*Requirement:* The expected output is a verbatim reprint of the lines from the beginning of the data that follows through the line that contains "move=> m2 unit_beta;".
----
Lemma exists_aggregate_equilibrium : (2 <= m)%N -> unitvec beta ->
  rsmall gamma <= D / (1 + kappa) <= Rl1 gamma ->
  exists A q, [/\ equilibrium A q, A *m q = (1 + kappa)^-1 *: beta &
                  q = D^-1 *: gamma].
Proof.
move=> m2 unit_beta; set L := D / (1 + kappa); case/andP => r_le le_R.
have L0 : 0 < L by rewrite divr_gt0.
have [e [unit_e beta_e]] := exists_unit_orthogonal beta m2.
pose g j := if insub j is Some i then gamma i 0 else 0.
have gE (i : 'I_n) : g i = gamma i 0 by rewrite /g valK.
have sum_g : \sum_(i < n) g i = Rl1 gamma.
  by apply: eq_bigr => i _; rewrite gE ger0_norm // ltW.
have g_gt0 i : (i < n)%N -> 0 < g i by move=> ilt; rewrite (gE (Ordinal ilt)).
have polygon i : (i < n)%N -> 2 * g i <= \sum_(i < n) g i + L.
  move=> ilt; rewrite sum_g (gE (Ordinal ilt)).
  have := le_bigmax 0 (fun j : 'I_n => `|gamma j 0|) (Ordinal ilt).
  rewrite ger0_norm ?(ltW (gamma_gt0 _)) // -/(linf gamma).
  by move: r_le; rewrite /rsmall; lra.
have normL : L ^+ 2 = L ^+ 2 + 0 ^+ 2 by rewrite expr0n addr0.
have L_le : L <= \sum_(i < n) g i by rewrite sum_g.
have [c [s [cs hc hs]]] := exists_planar_unit_sum g_gt0 (ltW L0) normL L_le polygon.
pose A : 'M[R]_(m, n) := \matrix_(k, j) (c j * beta k 0 + s j * e k 0).
have colA j : col j A = c j *: beta + s j *: e.
  by apply/matrixP => k l; rewrite (ord1 l) !mxE.
have unitA j : unitvec (col j A).
  apply/unitvecE; rewrite colA !(dotcDr, dotcDl, dotcZl, dotcZr) (dotcC e beta) beta_e.
  by rewrite !(unitvecE _).1 // -[RHS](cs j (ltn_ord j)); ring.
have Aq : A *m (D^-1 *: gamma) = (1 + kappa)^-1 *: beta.
  rewrite mulmx_sum_col.
  under eq_bigr => j _ do rewrite colA mxE -gE scalerDr !scalerA -!mulrA.
  rewrite big_split /= -!scaler_suml -!mulr_sumr hc hs mulr0 scale0r addr0 /L.
  by rewrite mulrA mulVf ?lt0r_neq0 // mul1r.
by exists A, (D^-1 *: gamma); split => //; exact: aggregate_equilibrium.
Qed.

End CommonOwnership.

Theorem proposition6 (R : realType) (n m : nat) (alpha kappa : R)
  (beta : 'cV[R]_m) (gamma : 'cV[R]_n) (K : 'I_n -> 'I_n -> R) :
  (2 <= n)%N -> (2 <= m)%N -> 0 < alpha -> unitvec beta ->
  (forall i : 'I_n, 0 < gamma i 0) ->
  (forall i : 'I_n, K i i = 1) ->
  (forall i j : 'I_n, i != j -> K i j = kappa) ->
  0 <= kappa -> 0 < 2 + alpha * (1 - kappa) ->
  (forall (A : 'M[R]_(m, n)) (q : 'cV[R]_n),
     equilibrium K alpha beta gamma A q -> (2 <= \rank A)%N ->
     [/\ A *m q = (1 + kappa)^-1 *: beta,
         q = (2 + alpha * (1 - kappa))^-1 *: gamma &
         sbar gamma A =
           (((2 + alpha * (1 - kappa)) / (1 + kappa)) ^+ 2 - sqnorm2 gamma)
           / (n%:R * (n%:R - 1))])
  /\
  ((exists (A : 'M[R]_(m, n)) (q : 'cV[R]_n),
      [/\ equilibrium K alpha beta gamma A q,
          A *m q = (1 + kappa)^-1 *: beta &
          q = (2 + alpha * (1 - kappa))^-1 *: gamma])
   <->
   rsmall gamma <= (2 + alpha * (1 - kappa)) / (1 + kappa) <= Rl1 gamma).
Proof.
move=> _ m2 alpha_gt0 unit_beta gamma_gt0 _ K_offdiag kappa_ge0 D_gt0.
have kappa1_gt0 : 0 < 1 + kappa by rewrite ltr_wpDr.
split=> [A q eqAq rankA | ].
  have [Aq qE] :=
    equilibrium_aggregate alpha_gt0 gamma_gt0 K_offdiag kappa1_gt0 D_gt0 eqAq rankA.
  split=> //; rewrite sbarE; last exact: eqAq.1.1.
  rewrite (aggregate_mulmx_gamma D_gt0 Aq qE) dotcZl dotcZr (unitvecE _).1 //.
  by rewrite mulr1 expr2.
split=> [[A [q [eqAq Aq qE]]] | bounds].
  exact: (aggregate_bounds kappa1_gt0 D_gt0 unit_beta eqAq.1.1 Aq qE).
exact: (exists_aggregate_equilibrium alpha_gt0 gamma_gt0 K_offdiag kappa1_gt0 D_gt0
          m2 unit_beta bounds).
Qed.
----
*Response:*
Lemma exists_aggregate_equilibrium : (2 <= m)%N -> unitvec beta ->
  rsmall gamma <= D / (1 + kappa) <= Rl1 gamma ->
  exists A q, [/\ equilibrium A q, A *m q = (1 + kappa)^-1 *: beta &
                  q = D^-1 *: gamma].
Proof.
move=> m2 unit_beta; set L := D / (1 + kappa); case/andP => r_le le_R.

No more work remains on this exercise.